**Collection entries:**

......

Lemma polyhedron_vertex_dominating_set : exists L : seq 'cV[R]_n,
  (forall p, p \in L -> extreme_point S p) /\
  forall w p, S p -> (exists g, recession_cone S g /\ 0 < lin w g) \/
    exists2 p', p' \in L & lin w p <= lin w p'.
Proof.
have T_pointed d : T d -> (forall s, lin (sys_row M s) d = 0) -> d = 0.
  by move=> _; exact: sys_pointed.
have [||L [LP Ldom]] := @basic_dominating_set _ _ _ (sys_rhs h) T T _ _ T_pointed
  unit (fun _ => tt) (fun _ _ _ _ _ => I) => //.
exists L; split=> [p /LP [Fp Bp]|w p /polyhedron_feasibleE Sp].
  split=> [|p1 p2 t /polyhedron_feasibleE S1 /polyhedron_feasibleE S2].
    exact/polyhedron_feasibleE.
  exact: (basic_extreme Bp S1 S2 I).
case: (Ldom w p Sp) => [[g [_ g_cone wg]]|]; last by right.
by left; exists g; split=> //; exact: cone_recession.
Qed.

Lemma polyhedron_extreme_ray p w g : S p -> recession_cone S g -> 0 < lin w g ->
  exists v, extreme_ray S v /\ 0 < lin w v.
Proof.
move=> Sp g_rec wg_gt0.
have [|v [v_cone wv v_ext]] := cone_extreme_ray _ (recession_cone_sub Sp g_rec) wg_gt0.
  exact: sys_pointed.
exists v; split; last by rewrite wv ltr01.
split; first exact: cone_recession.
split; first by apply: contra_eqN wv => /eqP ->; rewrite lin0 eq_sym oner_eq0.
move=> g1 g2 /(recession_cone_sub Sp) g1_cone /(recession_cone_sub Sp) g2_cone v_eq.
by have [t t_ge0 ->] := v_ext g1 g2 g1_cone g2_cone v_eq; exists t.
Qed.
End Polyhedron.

......

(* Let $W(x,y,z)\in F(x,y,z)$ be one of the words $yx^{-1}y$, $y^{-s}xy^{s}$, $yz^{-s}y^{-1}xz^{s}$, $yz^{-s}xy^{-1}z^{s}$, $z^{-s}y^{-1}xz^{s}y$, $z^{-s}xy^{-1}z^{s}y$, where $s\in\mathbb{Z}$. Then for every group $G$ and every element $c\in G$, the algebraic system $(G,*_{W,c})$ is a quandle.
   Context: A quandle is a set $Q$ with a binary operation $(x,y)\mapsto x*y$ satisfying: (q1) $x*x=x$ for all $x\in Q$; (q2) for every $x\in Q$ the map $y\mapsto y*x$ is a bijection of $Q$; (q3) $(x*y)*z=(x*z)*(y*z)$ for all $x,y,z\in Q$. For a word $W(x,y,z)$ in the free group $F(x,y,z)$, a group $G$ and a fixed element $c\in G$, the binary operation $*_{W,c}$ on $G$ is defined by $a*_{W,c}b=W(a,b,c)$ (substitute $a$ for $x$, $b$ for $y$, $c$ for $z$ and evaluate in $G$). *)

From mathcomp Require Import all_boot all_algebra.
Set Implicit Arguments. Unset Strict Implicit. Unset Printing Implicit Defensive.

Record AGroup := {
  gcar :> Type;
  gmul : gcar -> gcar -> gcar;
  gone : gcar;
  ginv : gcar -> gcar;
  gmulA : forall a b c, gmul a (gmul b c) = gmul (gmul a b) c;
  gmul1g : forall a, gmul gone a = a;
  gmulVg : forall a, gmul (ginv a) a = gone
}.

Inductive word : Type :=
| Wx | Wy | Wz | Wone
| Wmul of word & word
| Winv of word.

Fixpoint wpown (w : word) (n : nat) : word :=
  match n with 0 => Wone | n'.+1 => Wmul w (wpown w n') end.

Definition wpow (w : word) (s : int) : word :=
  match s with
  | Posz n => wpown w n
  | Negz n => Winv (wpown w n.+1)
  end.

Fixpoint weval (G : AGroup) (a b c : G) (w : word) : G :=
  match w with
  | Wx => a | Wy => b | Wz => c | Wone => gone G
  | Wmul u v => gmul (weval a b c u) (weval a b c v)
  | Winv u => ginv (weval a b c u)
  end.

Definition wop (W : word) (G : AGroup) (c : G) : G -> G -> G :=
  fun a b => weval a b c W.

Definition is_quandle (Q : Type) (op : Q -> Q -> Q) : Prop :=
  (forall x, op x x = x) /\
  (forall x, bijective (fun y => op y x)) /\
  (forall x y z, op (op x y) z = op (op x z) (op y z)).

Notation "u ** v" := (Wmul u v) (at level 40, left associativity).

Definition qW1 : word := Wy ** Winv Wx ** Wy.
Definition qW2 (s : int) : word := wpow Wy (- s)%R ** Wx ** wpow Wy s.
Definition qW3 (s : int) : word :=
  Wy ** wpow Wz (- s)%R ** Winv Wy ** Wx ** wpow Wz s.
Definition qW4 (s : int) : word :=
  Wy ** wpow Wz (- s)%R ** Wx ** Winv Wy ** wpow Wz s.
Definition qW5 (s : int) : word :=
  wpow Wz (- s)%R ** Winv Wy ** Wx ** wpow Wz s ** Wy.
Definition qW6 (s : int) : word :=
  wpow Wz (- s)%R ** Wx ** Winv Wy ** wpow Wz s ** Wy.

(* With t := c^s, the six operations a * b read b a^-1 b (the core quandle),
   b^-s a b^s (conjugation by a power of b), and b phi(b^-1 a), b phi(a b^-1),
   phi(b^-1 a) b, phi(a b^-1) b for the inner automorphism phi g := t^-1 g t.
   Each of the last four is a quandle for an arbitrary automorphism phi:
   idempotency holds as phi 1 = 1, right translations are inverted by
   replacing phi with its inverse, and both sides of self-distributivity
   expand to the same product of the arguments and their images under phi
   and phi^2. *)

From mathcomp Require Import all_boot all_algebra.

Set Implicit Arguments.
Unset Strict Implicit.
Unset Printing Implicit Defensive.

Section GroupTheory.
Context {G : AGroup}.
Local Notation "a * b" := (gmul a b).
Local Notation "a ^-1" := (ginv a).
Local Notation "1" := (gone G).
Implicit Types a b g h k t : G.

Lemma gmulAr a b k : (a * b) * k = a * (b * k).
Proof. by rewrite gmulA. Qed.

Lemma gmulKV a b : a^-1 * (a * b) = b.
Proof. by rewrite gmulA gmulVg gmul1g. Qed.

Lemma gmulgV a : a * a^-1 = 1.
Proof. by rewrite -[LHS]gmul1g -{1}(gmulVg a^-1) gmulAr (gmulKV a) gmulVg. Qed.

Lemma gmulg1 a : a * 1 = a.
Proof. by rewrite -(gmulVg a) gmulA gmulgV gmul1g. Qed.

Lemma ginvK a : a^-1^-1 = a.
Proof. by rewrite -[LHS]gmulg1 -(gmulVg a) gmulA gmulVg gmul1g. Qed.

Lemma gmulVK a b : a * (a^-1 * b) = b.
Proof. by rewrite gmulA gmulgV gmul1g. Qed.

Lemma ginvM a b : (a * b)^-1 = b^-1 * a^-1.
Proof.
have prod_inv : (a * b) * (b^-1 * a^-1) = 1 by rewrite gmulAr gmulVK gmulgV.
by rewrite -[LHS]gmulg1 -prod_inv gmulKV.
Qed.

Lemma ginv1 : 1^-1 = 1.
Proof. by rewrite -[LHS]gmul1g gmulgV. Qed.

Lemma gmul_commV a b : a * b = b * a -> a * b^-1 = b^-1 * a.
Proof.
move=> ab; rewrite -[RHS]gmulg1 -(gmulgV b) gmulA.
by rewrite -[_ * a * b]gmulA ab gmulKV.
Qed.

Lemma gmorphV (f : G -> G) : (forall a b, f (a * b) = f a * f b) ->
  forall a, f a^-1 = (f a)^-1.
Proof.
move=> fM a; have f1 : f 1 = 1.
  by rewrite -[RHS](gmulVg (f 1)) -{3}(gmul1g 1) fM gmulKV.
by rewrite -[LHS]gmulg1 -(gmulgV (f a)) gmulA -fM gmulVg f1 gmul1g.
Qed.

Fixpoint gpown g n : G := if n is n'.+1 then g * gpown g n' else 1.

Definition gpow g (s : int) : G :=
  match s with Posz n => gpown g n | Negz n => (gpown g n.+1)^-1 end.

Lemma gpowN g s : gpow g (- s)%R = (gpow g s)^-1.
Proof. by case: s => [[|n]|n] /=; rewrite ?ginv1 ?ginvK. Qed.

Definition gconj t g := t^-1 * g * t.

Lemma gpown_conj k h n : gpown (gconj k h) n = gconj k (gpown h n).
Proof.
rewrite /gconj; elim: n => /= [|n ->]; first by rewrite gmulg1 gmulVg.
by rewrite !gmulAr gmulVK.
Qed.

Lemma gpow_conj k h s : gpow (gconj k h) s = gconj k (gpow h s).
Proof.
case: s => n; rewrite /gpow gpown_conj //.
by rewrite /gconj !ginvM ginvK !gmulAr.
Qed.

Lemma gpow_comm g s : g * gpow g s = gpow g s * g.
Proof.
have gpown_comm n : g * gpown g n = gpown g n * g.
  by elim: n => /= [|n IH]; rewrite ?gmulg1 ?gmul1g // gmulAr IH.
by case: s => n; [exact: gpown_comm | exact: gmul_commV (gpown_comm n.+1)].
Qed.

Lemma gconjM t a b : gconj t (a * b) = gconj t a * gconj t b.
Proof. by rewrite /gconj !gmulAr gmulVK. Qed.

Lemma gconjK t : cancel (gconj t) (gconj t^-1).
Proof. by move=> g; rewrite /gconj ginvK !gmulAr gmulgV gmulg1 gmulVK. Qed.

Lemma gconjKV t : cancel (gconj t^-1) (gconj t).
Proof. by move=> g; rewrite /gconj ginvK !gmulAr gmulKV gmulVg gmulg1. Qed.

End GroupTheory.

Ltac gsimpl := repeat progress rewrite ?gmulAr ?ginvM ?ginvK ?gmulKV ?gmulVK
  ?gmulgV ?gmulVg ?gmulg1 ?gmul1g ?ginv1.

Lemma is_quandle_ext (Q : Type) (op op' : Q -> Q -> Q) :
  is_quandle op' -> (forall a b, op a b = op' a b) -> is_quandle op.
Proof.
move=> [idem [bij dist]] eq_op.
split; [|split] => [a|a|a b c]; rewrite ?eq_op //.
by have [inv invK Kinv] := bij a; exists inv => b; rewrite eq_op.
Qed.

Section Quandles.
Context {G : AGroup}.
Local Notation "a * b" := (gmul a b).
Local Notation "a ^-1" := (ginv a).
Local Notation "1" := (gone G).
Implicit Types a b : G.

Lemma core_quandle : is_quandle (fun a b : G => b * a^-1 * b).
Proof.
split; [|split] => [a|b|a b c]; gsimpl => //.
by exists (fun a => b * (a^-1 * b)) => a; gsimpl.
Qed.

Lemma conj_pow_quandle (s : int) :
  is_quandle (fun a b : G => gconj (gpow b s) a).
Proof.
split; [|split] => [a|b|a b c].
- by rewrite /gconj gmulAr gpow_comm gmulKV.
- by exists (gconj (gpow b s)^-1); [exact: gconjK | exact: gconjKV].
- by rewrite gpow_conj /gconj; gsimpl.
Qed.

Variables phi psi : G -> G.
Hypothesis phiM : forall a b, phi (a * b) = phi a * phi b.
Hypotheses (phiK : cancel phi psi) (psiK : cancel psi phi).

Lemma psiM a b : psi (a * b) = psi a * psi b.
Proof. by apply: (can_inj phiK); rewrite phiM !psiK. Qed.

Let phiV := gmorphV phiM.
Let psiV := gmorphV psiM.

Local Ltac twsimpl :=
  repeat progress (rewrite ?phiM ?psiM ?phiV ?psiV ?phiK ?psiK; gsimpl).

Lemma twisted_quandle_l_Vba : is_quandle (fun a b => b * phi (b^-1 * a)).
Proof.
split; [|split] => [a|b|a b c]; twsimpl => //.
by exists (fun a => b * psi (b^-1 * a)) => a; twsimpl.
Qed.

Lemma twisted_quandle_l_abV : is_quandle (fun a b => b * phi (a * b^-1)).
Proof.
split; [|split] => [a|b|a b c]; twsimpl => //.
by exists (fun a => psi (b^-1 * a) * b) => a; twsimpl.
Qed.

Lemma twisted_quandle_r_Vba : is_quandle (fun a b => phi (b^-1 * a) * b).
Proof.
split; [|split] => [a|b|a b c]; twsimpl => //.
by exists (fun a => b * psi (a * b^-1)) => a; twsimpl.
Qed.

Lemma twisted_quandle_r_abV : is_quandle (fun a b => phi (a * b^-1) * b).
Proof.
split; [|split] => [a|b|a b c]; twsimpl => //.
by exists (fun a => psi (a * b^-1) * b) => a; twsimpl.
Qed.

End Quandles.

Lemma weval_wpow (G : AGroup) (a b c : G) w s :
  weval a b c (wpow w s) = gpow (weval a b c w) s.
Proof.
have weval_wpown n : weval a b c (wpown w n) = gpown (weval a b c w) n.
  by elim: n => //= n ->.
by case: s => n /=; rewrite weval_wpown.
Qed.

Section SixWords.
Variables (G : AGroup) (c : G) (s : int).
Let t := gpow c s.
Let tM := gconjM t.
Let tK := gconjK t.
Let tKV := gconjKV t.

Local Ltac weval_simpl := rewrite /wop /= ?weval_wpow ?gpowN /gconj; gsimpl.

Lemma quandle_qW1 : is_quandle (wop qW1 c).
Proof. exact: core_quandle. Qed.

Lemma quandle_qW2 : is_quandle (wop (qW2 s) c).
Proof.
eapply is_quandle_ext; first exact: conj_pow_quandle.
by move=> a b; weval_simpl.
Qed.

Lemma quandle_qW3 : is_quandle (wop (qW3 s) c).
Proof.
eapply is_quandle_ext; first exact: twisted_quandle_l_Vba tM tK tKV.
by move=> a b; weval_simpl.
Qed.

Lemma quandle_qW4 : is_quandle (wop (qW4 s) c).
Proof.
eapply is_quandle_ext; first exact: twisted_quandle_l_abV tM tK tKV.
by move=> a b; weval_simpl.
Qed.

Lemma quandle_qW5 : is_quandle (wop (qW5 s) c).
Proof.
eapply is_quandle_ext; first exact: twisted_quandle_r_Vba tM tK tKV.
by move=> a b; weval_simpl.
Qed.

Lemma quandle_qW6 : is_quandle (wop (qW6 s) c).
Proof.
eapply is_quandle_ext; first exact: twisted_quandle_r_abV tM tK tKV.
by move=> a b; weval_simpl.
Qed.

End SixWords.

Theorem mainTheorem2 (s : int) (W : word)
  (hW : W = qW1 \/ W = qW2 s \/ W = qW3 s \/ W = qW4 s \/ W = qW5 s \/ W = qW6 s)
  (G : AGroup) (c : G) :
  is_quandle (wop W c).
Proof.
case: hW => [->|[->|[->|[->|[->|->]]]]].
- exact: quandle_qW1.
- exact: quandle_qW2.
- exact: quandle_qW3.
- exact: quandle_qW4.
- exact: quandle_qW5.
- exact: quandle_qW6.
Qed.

......

Return the span of lines in the data above that opens at the line with "Lemma polyhedron_vertex_dominating_set : exists" and closes at the line with "exact/polyhedron_feasibleE.", exactly, ends included, nothing else.

**Exercise output:**
Lemma polyhedron_vertex_dominating_set : exists L : seq 'cV[R]_n,
  (forall p, p \in L -> extreme_point S p) /\
  forall w p, S p -> (exists g, recession_cone S g /\ 0 < lin w g) \/
    exists2 p', p' \in L & lin w p <= lin w p'.
Proof.
have T_pointed d : T d -> (forall s, lin (sys_row M s) d = 0) -> d = 0.
  by move=> _; exact: sys_pointed.
have [||L [LP Ldom]] := @basic_dominating_set _ _ _ (sys_rhs h) T T _ _ T_pointed
  unit (fun _ => tt) (fun _ _ _ _ _ => I) => //.
exists L; split=> [p /LP [Fp Bp]|w p /polyhedron_feasibleE Sp].
  split=> [|p1 p2 t /polyhedron_feasibleE S1 /polyhedron_feasibleE S2].
    exact/polyhedron_feasibleE.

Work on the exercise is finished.